The span to repeat in the listing below runs from the line containing "have [|S' S'_small [c S'E]] := IHn (S :\: R)." to the line containing "by apply/ffunP => d; rewrite !ffunE.", inclusive. Repeat it exactly, and only it.

☆ ☆ ☆

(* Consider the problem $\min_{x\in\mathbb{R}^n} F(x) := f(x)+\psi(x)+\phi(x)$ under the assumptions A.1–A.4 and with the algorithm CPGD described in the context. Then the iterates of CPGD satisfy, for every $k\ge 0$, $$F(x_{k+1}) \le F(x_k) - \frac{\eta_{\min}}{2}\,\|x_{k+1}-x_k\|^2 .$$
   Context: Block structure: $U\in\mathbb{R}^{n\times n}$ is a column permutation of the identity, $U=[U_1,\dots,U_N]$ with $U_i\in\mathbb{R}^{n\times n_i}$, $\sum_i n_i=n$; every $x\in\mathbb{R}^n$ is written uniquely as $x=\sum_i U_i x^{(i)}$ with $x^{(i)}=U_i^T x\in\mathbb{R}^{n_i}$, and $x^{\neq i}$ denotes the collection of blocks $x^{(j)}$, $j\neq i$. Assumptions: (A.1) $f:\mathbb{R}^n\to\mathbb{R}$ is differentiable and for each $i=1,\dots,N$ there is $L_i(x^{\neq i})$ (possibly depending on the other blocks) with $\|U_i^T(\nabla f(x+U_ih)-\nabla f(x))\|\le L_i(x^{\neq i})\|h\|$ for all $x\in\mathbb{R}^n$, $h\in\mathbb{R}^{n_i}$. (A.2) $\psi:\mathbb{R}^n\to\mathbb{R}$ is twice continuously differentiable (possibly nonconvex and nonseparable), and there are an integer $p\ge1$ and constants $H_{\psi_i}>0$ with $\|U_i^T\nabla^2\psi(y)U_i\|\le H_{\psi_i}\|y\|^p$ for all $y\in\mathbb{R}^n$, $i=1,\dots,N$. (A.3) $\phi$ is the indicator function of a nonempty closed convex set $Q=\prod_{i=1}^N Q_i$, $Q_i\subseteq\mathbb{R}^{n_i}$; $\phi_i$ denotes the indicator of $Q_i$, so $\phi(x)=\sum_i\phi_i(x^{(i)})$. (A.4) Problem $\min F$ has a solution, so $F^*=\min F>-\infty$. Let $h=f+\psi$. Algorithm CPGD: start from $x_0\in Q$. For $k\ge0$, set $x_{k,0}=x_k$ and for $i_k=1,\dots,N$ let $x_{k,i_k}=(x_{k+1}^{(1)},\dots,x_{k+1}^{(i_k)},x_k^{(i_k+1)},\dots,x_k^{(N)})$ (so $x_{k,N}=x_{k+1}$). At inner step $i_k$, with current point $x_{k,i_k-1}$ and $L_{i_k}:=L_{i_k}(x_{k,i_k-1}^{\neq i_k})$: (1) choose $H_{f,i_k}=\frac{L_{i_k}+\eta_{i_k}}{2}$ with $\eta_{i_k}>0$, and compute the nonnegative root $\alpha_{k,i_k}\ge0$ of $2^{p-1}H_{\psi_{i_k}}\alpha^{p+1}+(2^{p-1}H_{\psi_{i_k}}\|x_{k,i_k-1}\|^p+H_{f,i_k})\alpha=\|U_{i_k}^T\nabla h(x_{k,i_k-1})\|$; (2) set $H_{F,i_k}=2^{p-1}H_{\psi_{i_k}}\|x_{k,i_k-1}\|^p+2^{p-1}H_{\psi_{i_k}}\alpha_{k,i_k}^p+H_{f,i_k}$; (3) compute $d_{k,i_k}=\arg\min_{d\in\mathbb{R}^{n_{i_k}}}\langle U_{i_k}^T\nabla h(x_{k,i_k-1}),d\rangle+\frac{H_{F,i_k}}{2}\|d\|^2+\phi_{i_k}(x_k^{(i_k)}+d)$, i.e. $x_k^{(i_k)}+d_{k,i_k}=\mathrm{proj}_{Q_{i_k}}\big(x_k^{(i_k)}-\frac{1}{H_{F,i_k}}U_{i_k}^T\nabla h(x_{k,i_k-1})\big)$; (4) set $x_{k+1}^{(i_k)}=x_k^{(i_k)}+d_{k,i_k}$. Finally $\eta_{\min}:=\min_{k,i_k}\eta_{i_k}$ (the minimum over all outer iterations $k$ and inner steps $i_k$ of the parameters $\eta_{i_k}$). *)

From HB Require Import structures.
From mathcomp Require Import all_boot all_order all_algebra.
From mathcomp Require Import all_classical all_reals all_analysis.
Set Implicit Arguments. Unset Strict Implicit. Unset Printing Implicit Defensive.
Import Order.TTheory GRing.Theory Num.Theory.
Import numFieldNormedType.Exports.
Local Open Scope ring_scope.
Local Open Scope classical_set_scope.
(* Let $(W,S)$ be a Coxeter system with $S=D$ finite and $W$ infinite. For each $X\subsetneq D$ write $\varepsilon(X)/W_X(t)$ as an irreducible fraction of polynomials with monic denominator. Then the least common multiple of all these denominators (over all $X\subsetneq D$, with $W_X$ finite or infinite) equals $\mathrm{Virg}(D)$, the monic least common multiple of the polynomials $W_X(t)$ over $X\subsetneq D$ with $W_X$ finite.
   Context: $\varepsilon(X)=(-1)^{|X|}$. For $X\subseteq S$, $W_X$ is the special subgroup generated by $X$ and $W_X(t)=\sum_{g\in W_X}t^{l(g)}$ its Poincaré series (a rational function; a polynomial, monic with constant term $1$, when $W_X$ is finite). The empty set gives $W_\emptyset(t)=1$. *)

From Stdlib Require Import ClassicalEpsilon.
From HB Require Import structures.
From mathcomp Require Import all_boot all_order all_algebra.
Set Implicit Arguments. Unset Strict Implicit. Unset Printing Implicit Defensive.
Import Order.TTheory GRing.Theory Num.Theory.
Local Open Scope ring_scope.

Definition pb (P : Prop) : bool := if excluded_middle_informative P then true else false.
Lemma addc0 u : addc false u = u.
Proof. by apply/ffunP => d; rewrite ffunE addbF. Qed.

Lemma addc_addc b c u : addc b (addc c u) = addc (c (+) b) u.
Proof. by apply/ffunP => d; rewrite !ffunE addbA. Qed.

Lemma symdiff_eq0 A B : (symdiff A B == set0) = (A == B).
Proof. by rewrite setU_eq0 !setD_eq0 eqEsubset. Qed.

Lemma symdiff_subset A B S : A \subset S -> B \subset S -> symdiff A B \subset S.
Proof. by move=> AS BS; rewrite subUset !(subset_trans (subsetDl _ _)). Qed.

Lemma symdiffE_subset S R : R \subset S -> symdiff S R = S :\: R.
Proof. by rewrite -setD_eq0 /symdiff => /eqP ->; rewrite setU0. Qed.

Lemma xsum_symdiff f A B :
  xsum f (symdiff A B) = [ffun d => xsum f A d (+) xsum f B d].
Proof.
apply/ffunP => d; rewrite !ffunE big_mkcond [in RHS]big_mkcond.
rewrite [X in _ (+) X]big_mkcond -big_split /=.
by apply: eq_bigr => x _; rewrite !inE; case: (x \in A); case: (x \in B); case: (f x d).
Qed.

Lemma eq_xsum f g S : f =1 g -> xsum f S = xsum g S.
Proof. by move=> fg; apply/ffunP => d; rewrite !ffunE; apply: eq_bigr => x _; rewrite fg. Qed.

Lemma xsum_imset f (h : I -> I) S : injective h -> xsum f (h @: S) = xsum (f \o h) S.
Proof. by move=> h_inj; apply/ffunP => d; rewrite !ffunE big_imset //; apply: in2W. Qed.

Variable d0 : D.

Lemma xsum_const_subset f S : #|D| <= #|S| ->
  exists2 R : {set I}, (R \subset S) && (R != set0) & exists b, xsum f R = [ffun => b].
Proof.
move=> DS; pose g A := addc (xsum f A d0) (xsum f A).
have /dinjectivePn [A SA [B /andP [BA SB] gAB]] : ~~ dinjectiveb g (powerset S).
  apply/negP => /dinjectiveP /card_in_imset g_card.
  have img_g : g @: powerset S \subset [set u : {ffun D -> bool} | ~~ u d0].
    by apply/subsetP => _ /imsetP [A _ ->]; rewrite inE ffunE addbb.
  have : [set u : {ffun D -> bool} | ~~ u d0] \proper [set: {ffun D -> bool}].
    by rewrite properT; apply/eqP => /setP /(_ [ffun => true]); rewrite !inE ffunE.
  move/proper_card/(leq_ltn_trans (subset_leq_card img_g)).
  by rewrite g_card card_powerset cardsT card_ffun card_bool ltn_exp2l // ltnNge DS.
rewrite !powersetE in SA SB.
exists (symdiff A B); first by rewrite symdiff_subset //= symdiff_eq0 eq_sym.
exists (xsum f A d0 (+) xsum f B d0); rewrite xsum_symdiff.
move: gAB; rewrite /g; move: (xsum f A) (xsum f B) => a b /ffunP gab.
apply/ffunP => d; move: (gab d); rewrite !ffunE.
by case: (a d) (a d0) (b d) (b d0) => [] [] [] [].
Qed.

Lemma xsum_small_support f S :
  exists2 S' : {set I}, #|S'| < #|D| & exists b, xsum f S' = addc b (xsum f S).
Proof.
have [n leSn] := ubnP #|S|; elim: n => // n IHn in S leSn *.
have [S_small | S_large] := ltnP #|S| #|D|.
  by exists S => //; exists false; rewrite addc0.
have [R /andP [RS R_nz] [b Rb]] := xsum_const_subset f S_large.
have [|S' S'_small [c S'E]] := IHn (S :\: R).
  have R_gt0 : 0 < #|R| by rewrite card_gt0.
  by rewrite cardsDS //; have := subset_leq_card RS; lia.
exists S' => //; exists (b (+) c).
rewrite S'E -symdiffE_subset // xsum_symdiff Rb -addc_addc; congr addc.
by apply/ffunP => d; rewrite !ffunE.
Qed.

☆ ☆ ☆

→ RESPONSE BOX
have [|S' S'_small [c S'E]] := IHn (S :\: R).
  have R_gt0 : 0 < #|R| by rewrite card_gt0.
  by rewrite cardsDS //; have := subset_leq_card RS; lia.
exists S' => //; exists (b (+) c).
rewrite S'E -symdiffE_subset // xsum_symdiff Rb -addc_addc; congr addc.
by apply/ffunP => d; rewrite !ffunE.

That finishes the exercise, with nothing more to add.